The family has also created a fundraising auction via Facebook that is open through Dec. 5. Rhonda Johnson runs a blog, “Johnson Style,” that she updates every month with thoughts on her family’s struggle, giving a powerful firsthand perspective on life with diabetes.
Call for awareness
Rather than pity, Todd Johnson hopes his story will inspire awareness of diabetes and motivate people to take preventative action against the disease. An estimated 7 million Americans have diabetes but don’t know it, and many more who have been diagnosed do not properly treat their condition.
“Diabetes is a disease you don’t feel; you’re not aware of the damage you’re doing to your body. I didn‘t realize what I was doing to myself until it was too late,” he said. “I don’t want anyone to make the same mistakes I did. Take care of yourself before you get as bad as I am.”
“Diabetes is very hard on the body,” said Dr. Michael Codiga, an internal medicine specialist at the Intermountain Healthcare River Road Clinic in St. George. “(But) with teamwork and dedication, it can be managed effectively. It is absolutely possible to recover from diabetes and related health issues.”
If you have a family history of diabetes or other risk factors, it’s important to get your A1C level checked regularly. Even if you don’t, normally scheduled physicals are a wise idea for all people.
The online ADA Diabetes Risk Test is a free, fast way to determine if you need to talk to your doctor about prevention.
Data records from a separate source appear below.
Lemma weaken_var_premise x tau Ga1 De1 :
  ~ var_in G x -> Der n (CV x tau :: G) Ga1 De1 ->
  exists x', ~ var_in G' x' /\ (forall e, In e G -> entry_ren (transp x x') id e = e) /\
    Der n (CV x' tau :: G')
      (map (form_ren (transp x x') id) Ga1) (map (form_ren (transp x x') id) De1).
Proof.
  intros Hx D.
  destruct (exists_fresh_var G' []) as [x' [Hx' _]].
  pose proof (transp_fixes_vars Hx (not_var_in_incl (ctx_le_incl Hle) Hx')) as Hfix.
  apply (Der_ren_extension (transp_inj x x') injective_id G Hfix [CV x tau]) in D.
  simpl in D. rewrite transp_l in D.
  exists x'. repeat split; auto.
  apply (IH D); auto using ctx_ok_cons_var, ctx_le_cons.
Qed.

Lemma weaken_name_premise a nu Ga1 De1 :
  ~ name_in G a -> Der n (CN Sg a nu :: G) Ga1 De1 ->
  exists a', ~ name_in G' a' /\ (forall e, In e G -> entry_ren id (transp a a') e = e) /\
    Der n (CN Sg a' nu :: G')
      (map (form_ren id (transp a a')) Ga1) (map (form_ren id (transp a a')) De1).
Proof.
  intros Ha D.
  destruct (exists_fresh_name G') as [a' Ha'].
  pose proof (transp_fixes_names Ha (not_name_in_incl (ctx_le_incl Hle) Ha')) as Hfix.
  apply (Der_ren_extension injective_id (transp_inj a a') G Hfix [CN Sg a nu]) in D.
  simpl in D. rewrite transp_l in D.
  exists a'. repeat split; auto.
  apply (IH D); auto using ctx_ok_cons_name, ctx_le_cons.
Qed.

Lemma weaken_allR De0 tau A x :
  Permutation De (FAll tau A :: De0) -> ~ var_in G x ->
  Der n (CV x tau :: G) Ga (form_openv 0 (Var Sg x) A :: De0) -> Der (S n) G' Ga De.
Proof.
  intros HP Hx D. destruct Hwf as [_ [HGa HDe]].
  destruct (Forall_perm_cons HP HDe) as [HA HDe0]. cbn in HA.
  destruct (weaken_var_premise Hx D) as (x' & Hx' & Hfix & D'). simpl in D'.
  rewrite (form_ren_openv_fix _ _ G Hfix _ _ _ _ _ HA), !(forms_ren_fix _ _ Hfix) in D'
    by assumption.
  simpl in D'. rewrite transp_l in D'.
  eapply d_allR with (x := x'); eauto using wf_seq_mono, ctx_le_incl.
Qed.

Lemma weaken_exL Ga0 tau A x :
  Permutation Ga (FEx tau A :: Ga0) -> ~ var_in G x ->
  Der n (CV x tau :: G) (form_openv 0 (Var Sg x) A :: Ga0) De -> Der (S n) G' Ga De.
Proof.
  intros HP Hx D. destruct Hwf as [_ [HGa HDe]].
  destruct (Forall_perm_cons HP HGa) as [HA HGa0]. cbn in HA.
  destruct (weaken_var_premise Hx D) as (x' & Hx' & Hfix & D'). simpl in D'.
  rewrite (form_ren_openv_fix _ _ G Hfix _ _ _ _ _ HA), !(forms_ren_fix _ _ Hfix) in D'
    by assumption.
  simpl in D'. rewrite transp_l in D'.
  eapply d_exL with (x := x'); eauto using wf_seq_mono, ctx_le_incl.
Qed.

Lemma weaken_newR De0 nu A a :
  Permutation De (FNew nu A :: De0) -> ~ name_in G a ->
  Der n (CN Sg a nu :: G) Ga (form_openn 0 (Name Sg a) A :: De0) -> Der (S n) G' Ga De.
Proof.
  intros HP Ha D. destruct Hwf as [_ [HGa HDe]].
  destruct (Forall_perm_cons HP HDe) as [HA HDe0]. cbn in HA.
  destruct (weaken_name_premise Ha D) as (a' & Ha' & Hfix & D'). simpl in D'.
  rewrite (form_ren_openn_fix _ _ G Hfix _ _ _ _ _ HA), !(forms_ren_fix _ _ Hfix) in D'
    by assumption.
  simpl in D'. rewrite transp_l in D'.
  eapply d_newR with (a := a'); eauto using wf_seq_mono, ctx_le_incl.
Qed.

Lemma weaken_newL Ga0 nu A a :
  Permutation Ga (FNew nu A :: Ga0) -> ~ name_in G a ->
  Der n (CN Sg a nu :: G) (form_openn 0 (Name Sg a) A :: Ga0) De -> Der (S n) G' Ga De.
Proof.
  intros HP Ha D. destruct Hwf as [_ [HGa HDe]].
  destruct (Forall_perm_cons HP HGa) as [HA HGa0]. cbn in HA.
  destruct (weaken_name_premise Ha D) as (a' & Ha' & Hfix & D'). simpl in D'.
  rewrite (form_ren_openn_fix _ _ G Hfix _ _ _ _ _ HA), !(forms_ren_fix _ _ Hfix) in D'
    by assumption.
  simpl in D'. rewrite transp_l in D'.
  eapply d_newL with (a := a'); eauto using wf_seq_mono, ctx_le_incl.
Qed.

Lemma weaken_F a nu :
  ~ name_in G a -> Der n (CN Sg a nu :: G) Ga De -> Der (S n) G' Ga De.
Proof.
  intros Ha D. destruct Hwf as [_ [HGa HDe]].
  destruct (weaken_name_premise Ha D) as (a' & Ha' & Hfix & D').
  rewrite !(forms_ren_fix _ _ Hfix) in D' by assumption.
  eapply d_F with (a := a'); eauto using wf_seq_mono, ctx_le_incl.
Qed.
Comprehensive information about diabetes prevention and treatment is available via the ADA’s website; always consult your physician to determine what works for you.
“Every person’s life is important, so please take care of your body,” Mackenzie Johnson said. “I wouldn’t wish what we’re going through on anyone.”
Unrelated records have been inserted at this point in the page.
Let std_neq0 i : (i < r)%N -> (mu i).1 != 0.
Proof. by case: svd => _ app _ _ _ /app [_ /lt0r_neq0]. Qed.
Let std_real i : (i < r)%N -> (mu i).1 \is Num.real.
Proof. by case: svd => _ app _ _ _ /app [[]]. Qed.
Let inf_real i : (i < t)%N -> (mu i).2 \is Num.real.
Proof.
case: svd => _ app inf _ _ i_lt_t; have [/app [[]] // | r_le_i] := ltnP i r.
by have [_ []] := inf i r_le_i i_lt_t.
Qed.

Local Definition sigS i := if (i < r)%N then (mu i).1 else 0.
Local Definition sigD i := if (i < t)%N then (mu i).2 else 0.
Local Definition sigDe i := if (i < r)%N then (mu i).2 else 0.
Local Definition sigG i := if (i < r)%N then ((mu i).1)^-1 else 0.
Local Definition sigGD i := if (i < r)%N then - (((mu i).1)^-2 * (mu i).2) else 0.

Local Notation S := (dg m n sigS).
Local Notation D := (dg m n sigD).
Local Notation G := (dg n m sigG).
Local Notation GD := (dg n m sigGD).

Let ctr_S : ctr S = dg n m sigS.
Proof. by apply: ctr_dg_real => i; rewrite /sigS; case: ifP => // /std_real. Qed.
Let ctr_D : ctr D = dg n m sigD.
Proof. by apply: ctr_dg_real => i; rewrite /sigD; case: ifP => // /inf_real. Qed.
Let ctr_G : ctr G = dg m n sigG.
Proof. by apply: ctr_dg_real => i; rewrite /sigG; case: ifP => // /std_real; rewrite realV. Qed.
Let ctr_GD : ctr GD = dg m n sigGD.
Proof.
apply: ctr_dg_real => i; rewrite /sigGD; case: ifP => // i_lt_r.
by rewrite rpredN rpredM ?rpredV ?rpredX ?std_real ?inf_real // (leq_trans i_lt_r r_le_t).
Qed.

Lemma SigmaE : Sigma m n r t mu = (S, D).
Proof. by congr pair; apply/matrixP=> i j; rewrite !mxE /sigS /sigD; case: eqP. Qed.
Lemma Sigma_eE : Sigma_e m n r mu = (S, dg m n sigDe).
Proof. by congr pair; apply/matrixP=> i j; rewrite !mxE /sigS /sigDe; case: eqP. Qed.
Lemma SigmaGE : SigmaG m n r mu = (G, GD).
Proof. by congr pair; apply/matrixP=> i j; rewrite !mxE /sigG /sigGD; case: eqP. Qed.

(* Reduce an identity between products of these diagonal matrices to a field
   identity on each index i < r; for i >= r every term vanishes. *)
Local Ltac appreciable_entry i_lt_r :=
  rewrite ?(leq_trans i_lt_r r_le_m) ?(leq_trans i_lt_r r_le_n)
    ?(leq_trans i_lt_r r_le_t) /=;
  by field; exact: (std_neq0 i_lt_r).

Local Ltac vanishing_entry :=
  by rewrite /= ?(mul0r, mulr0, addr0, add0r, oppr0, if_same).

Local Ltac diag_entrywise :=
  rewrite ?(ctrD, ctrM, ctr_S, ctr_D, ctr_G, ctr_GD) ?(dgM, dgD, dgN);
  let i := fresh "i" in let h := fresh "h" in
  apply: eq_dg => i _ _; rewrite /sigS /sigD /sigDe /sigG /sigGD;
  case: (ltnP i r) => h; [appreciable_entry h | vanishing_entry].

Lemma Sigma_std_MP : is_MP S G.
Proof. by split; diag_entrywise. Qed.

Lemma Sigma_conds : gmpi_conds (Sigma m n r t mu) (Sigma_e m n r mu) (SigmaG m n r mu).
Proof.
rewrite SigmaE Sigma_eE SigmaGE.
by split; rewrite /dmul /dstar /=; congr pair; diag_entrywise.
Qed.

(* Sigma^G is the only solution for Sigma: its standard part is forced by the
   uniqueness of the Moore-Penrose inverse, its infinitesimal part by
   first-order uniqueness. *)
Lemma Sigma_unique (Y : dmx C n m) :
  gmpi_conds (Sigma m n r t mu) (Sigma_e m n r mu) Y -> Y = SigmaG m n r mu.
Proof.
rewrite SigmaE Sigma_eE SigmaGE.
case: Y => Ys Yd [[c1s _] [c2s c2d] [c3s c3d] [c4s c4d]].
have YsG : Ys = G := penrose_unique Sigma_std_MP (And4 c1s c2s c3s c4s).
subst Ys.
have DG_sa : ctr (D *m G) = D *m G by diag_entrywise.
have GD_sa : ctr (G *m D) = G *m D by diag_entrywise.
rewrite ctrD DG_sa in c3d; rewrite ctrD GD_sa in c4d.
have SYd_sa : ctr (S *m Yd) = S *m Yd by apply: (addIr _ c3d).
have YdS_sa : ctr (Yd *m S) = Yd *m S by apply: (addrI _ c4d).
rewrite (first_order_unique Sigma_std_MP c2d SYd_sa YdS_sa).
by congr pair; diag_entrywise.
Qed.

(* If A = U Sigma V^* is a complex matrix, Sigma has no infinitesimal singular
   values: the infinitesimal part of Sigma = U^* A V is S P + Q S, whose
   diagonal entries vanish wherever those of S do, while mu_i > 0 for r <= i < t. *)
Lemma Sigma_e_complex (U : dmx C m m) (V : dmx C n n) :
  dunitary U -> dunitary V ->
  (dmul (dmul U (Sigma m n r t mu)) (dstar V)).2 = 0 ->
  Sigma_e m n r mu = Sigma m n r t mu.
Proof.
move=> hU hV /(conj_infinitesimal hU hV); rewrite dunitary_conjK // SigmaE /= => DE.
have t_eq_r i : (i < t)%N = (i < r)%N.
  have [i_lt_r | r_le_i] := ltnP i r; first exact: leq_trans i_lt_r r_le_t.
  apply/negbTE/negP => i_lt_t; case: svd => _ _ /(_ i r_le_i i_lt_t) [_ [_ inf_pos]] _ _.
  have i_lt_m : (i < m)%N := leq_trans i_lt_t t_le_m.
  have i_lt_n : (i < n)%N := leq_trans i_lt_t t_le_n.
  have sigS_i : sigS i = 0 by rewrite /sigS ltnNge r_le_i.
  move/matrixP/(_ (Ordinal i_lt_m) (Ordinal i_lt_n)): DE.
  rewrite mxE [in RHS]mxE dg_mul_row0 // mul_dg_col0 // addr0 eqxx /sigD /= i_lt_t.
  by move=> inf0; rewrite inf0 ltxx in inf_pos.
by rewrite Sigma_eE; congr pair; apply: eq_dg => i _ _; rewrite /sigDe /sigD t_eq_r.
Qed.

End SingularValueMatrices.

(* For a complex matrix A (A_d = 0) with A_e = A, the unique solution X of the
   four conditions has X_d = 0 and X_s = A_s^+: the standard parts of the
   conditions are the Penrose conditions, and (A_s^+, 0) is itself a solution. *)
Lemma complex_gmpi (C : numClosedFieldType) m n (A : dmx C m n) (X : dmx C n m) :
  A.2 = 0 -> gmpi_conds A A X -> (forall Y, gmpi_conds A A Y -> Y = X) ->
  X.2 = 0 /\ is_MP A.1 X.1.
Proof.
case: A X => [a ad] [x xd] /= -> [[c1 _] [c2 _] [c3 _] [c4 _]] uniqX.
split; last by split.
have sol0 : gmpi_conds (a, 0) (a, 0) (x, 0).
  by split; rewrite /dmul /dstar /=; congr pair; rewrite ?(mulmx0, mul0mx, addr0, ctr0).
by case: (uniqX _ sol0).
Qed.

Theorem theorem4p1 (C : numClosedFieldType) (m n : nat) (A : dmx C m n)
  (U : dmx C m m) (V : dmx C n n) (r t : nat) (mu : nat -> C * C) :
  is_svd_data m n r t mu ->
  dunitary U -> dunitary V ->
  A = dmul (dmul U (Sigma m n r t mu)) (dstar V) ->
  [/\ gmpi_conds A (essential U V r mu) (AG U V r mu),
      (forall X : dmx C n m, gmpi_conds A (essential U V r mu) X -> X = AG U V r mu)
    & (A.2 = 0 -> (AG U V r mu).2 = 0 /\ is_MP A.1 (AG U V r mu).1)].
Proof.
move=> svd hU hV ->.
have exists_AG := gmpi_conds_unitary hU hV (Sigma_conds svd).
have unique_AG := gmpi_unique_unitary hU hV (Sigma_unique svd).
split=> // complexA.
rewrite (Sigma_e_complex svd hU hV complexA) in exists_AG unique_AG.
exact: complex_gmpi.
Qed.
Ed. note, Nov. 18, 2013: Comments to this story and its post on Facebook raise questions about a medical prescription Johnson was given as contributory to his condition. In interviews preparing for this story, a possible issue regarding a steroid prescription contributing to Todd Johnson’s advanced diabetes was raised. However, in his own interview with St. George News, Johnson chose not to raise it. It was his choice to address his own lifestyle choices, for whatever benefit that might offer.
Any issue between him and any medical or pharmaceutical professionals involved, is beyond the scope and purpose of this report which sought to share the story of a family struggling with financial burdens arising from the patriarch’s battle with diabetes.